**Task**
Using the records below, write out again exactly the lines that begin at the line containing "destruct (is_RInt_inv_quad_pow_2_3 (4 * x +" and end at the line containing "rewrite (Rpow_mult_distr (1", and no other lines.

**Stored data**
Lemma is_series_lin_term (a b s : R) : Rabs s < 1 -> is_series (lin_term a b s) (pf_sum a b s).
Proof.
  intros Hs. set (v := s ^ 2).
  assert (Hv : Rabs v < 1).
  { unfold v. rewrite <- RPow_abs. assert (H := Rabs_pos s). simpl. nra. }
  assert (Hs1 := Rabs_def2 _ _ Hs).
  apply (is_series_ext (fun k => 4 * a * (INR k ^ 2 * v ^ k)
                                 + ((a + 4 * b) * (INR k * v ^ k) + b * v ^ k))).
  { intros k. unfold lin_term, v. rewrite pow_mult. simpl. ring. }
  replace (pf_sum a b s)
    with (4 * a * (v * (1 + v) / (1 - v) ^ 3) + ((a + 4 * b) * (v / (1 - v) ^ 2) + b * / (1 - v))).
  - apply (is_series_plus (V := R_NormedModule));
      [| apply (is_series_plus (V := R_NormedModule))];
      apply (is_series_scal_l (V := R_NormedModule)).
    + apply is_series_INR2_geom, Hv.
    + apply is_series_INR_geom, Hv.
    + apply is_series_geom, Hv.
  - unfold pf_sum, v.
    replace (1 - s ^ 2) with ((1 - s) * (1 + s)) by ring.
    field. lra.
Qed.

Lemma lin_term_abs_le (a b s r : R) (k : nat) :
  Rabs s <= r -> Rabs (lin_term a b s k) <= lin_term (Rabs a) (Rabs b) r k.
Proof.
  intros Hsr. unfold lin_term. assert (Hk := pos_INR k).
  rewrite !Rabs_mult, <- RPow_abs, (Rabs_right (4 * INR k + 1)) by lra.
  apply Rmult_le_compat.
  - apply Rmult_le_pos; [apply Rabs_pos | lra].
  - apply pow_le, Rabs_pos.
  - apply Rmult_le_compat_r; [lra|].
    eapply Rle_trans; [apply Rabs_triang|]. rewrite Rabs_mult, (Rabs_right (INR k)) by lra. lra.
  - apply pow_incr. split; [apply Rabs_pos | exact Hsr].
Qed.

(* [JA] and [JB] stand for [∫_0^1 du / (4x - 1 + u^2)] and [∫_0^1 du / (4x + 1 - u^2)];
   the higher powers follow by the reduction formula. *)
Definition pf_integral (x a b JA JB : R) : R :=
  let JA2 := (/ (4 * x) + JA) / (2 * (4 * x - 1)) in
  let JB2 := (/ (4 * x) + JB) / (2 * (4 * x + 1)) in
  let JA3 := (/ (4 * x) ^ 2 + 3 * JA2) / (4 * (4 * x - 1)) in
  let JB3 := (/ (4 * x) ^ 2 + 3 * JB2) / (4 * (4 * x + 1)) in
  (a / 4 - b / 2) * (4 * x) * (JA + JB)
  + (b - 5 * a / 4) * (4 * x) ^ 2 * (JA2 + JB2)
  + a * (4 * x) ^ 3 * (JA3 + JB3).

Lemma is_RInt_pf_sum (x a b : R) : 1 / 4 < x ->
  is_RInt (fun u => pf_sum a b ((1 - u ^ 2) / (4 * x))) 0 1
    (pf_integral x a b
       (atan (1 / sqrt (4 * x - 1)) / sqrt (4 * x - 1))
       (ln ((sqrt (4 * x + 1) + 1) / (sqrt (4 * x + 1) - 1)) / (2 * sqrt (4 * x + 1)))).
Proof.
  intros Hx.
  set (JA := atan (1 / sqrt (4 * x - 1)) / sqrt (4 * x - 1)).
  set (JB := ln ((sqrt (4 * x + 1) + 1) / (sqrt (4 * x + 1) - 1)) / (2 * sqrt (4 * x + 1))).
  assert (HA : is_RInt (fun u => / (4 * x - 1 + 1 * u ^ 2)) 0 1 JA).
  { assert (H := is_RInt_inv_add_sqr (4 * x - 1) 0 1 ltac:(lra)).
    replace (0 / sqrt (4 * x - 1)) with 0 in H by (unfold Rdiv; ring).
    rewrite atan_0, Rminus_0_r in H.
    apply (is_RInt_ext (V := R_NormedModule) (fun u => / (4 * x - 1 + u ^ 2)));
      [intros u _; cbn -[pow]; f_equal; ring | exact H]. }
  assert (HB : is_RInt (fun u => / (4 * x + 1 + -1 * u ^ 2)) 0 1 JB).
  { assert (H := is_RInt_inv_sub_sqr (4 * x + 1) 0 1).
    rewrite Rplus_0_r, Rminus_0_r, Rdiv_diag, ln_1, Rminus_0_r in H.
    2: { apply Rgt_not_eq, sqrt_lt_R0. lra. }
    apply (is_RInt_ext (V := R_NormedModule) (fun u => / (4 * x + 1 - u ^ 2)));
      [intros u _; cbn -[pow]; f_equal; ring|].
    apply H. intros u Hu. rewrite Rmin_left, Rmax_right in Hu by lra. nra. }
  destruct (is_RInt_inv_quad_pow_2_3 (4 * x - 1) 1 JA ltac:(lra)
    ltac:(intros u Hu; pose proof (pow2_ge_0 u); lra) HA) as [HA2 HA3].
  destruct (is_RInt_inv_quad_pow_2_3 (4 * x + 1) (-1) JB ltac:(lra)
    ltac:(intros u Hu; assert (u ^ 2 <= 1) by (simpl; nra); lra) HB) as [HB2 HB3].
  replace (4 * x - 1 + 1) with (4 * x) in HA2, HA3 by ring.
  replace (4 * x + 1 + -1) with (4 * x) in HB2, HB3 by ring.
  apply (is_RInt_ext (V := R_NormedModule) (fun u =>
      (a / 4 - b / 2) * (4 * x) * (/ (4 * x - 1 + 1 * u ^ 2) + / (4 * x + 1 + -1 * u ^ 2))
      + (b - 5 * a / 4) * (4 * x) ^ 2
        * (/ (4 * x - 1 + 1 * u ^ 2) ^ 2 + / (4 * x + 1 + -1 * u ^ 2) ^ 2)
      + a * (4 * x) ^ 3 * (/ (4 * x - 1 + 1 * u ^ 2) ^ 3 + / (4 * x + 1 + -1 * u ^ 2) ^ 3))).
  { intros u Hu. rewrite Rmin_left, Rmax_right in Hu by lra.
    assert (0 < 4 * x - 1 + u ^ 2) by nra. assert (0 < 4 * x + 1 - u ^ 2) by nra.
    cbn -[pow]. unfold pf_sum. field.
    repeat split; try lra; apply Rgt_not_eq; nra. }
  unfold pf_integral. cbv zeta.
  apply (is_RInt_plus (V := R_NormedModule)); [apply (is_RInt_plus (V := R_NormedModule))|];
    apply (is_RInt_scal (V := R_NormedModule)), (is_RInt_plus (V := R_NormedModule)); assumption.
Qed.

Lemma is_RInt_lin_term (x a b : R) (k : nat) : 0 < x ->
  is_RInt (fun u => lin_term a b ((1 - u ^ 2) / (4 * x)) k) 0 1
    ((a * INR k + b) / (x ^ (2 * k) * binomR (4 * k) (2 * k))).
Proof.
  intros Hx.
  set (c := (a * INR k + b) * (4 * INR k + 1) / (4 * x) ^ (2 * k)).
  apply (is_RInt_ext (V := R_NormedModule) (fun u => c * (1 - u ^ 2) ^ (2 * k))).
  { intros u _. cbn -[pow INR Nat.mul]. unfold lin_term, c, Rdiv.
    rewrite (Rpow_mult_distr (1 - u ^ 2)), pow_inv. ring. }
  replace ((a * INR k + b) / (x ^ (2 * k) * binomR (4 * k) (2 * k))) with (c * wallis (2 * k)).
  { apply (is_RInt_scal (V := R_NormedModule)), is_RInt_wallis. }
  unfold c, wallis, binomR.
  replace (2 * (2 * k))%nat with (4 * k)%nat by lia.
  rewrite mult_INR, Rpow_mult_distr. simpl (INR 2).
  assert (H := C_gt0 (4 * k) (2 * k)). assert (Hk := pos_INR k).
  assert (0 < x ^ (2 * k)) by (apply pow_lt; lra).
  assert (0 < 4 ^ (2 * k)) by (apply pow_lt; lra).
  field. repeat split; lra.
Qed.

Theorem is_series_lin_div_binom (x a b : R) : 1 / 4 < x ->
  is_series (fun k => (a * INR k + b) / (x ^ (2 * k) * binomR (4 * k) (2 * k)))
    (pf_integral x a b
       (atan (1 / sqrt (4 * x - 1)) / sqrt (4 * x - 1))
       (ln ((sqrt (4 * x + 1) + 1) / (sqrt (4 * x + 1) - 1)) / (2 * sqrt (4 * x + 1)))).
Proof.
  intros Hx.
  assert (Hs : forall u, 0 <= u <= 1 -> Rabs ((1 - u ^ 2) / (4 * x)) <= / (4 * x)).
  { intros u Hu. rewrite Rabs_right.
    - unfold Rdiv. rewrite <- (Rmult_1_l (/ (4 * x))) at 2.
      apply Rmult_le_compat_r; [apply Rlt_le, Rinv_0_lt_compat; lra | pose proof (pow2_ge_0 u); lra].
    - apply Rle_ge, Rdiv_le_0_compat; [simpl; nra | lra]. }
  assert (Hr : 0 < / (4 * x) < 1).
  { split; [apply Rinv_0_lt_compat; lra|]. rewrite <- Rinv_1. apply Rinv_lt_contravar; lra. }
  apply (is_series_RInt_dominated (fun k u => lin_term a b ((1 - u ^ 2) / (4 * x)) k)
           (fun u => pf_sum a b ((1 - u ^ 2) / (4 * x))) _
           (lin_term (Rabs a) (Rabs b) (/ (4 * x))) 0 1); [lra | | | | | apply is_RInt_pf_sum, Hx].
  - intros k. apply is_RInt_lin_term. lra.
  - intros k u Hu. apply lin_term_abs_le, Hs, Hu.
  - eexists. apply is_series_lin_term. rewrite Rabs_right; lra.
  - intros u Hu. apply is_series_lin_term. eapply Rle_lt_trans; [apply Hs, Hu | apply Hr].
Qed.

**Solution for this problem**
  destruct (is_RInt_inv_quad_pow_2_3 (4 * x + 1) (-1) JB ltac:(lra)
    ltac:(intros u Hu; assert (u ^ 2 <= 1) by (simpl; nra); lra) HB) as [HB2 HB3].
  replace (4 * x - 1 + 1) with (4 * x) in HA2, HA3 by ring.
  replace (4 * x + 1 + -1) with (4 * x) in HB2, HB3 by ring.
  apply (is_RInt_ext (V := R_NormedModule) (fun u =>
      (a / 4 - b / 2) * (4 * x) * (/ (4 * x - 1 + 1 * u ^ 2) + / (4 * x + 1 + -1 * u ^ 2))
      + (b - 5 * a / 4) * (4 * x) ^ 2
        * (/ (4 * x - 1 + 1 * u ^ 2) ^ 2 + / (4 * x + 1 + -1 * u ^ 2) ^ 2)
      + a * (4 * x) ^ 3 * (/ (4 * x - 1 + 1 * u ^ 2) ^ 3 + / (4 * x + 1 + -1 * u ^ 2) ^ 3))).
  { intros u Hu. rewrite Rmin_left, Rmax_right in Hu by lra.
    assert (0 < 4 * x - 1 + u ^ 2) by nra. assert (0 < 4 * x + 1 - u ^ 2) by nra.
    cbn -[pow]. unfold pf_sum. field.
    repeat split; try lra; apply Rgt_not_eq; nra. }
  unfold pf_integral. cbv zeta.
  apply (is_RInt_plus (V := R_NormedModule)); [apply (is_RInt_plus (V := R_NormedModule))|];
    apply (is_RInt_scal (V := R_NormedModule)), (is_RInt_plus (V := R_NormedModule)); assumption.
Qed.

Lemma is_RInt_lin_term (x a b : R) (k : nat) : 0 < x ->
  is_RInt (fun u => lin_term a b ((1 - u ^ 2) / (4 * x)) k) 0 1
    ((a * INR k + b) / (x ^ (2 * k) * binomR (4 * k) (2 * k))).
Proof.
  intros Hx.
  set (c := (a * INR k + b) * (4 * INR k + 1) / (4 * x) ^ (2 * k)).
  apply (is_RInt_ext (V := R_NormedModule) (fun u => c * (1 - u ^ 2) ^ (2 * k))).
  { intros u _. cbn -[pow INR Nat.mul]. unfold lin_term, c, Rdiv.
    rewrite (Rpow_mult_distr (1 - u ^ 2)), pow_inv. ring. }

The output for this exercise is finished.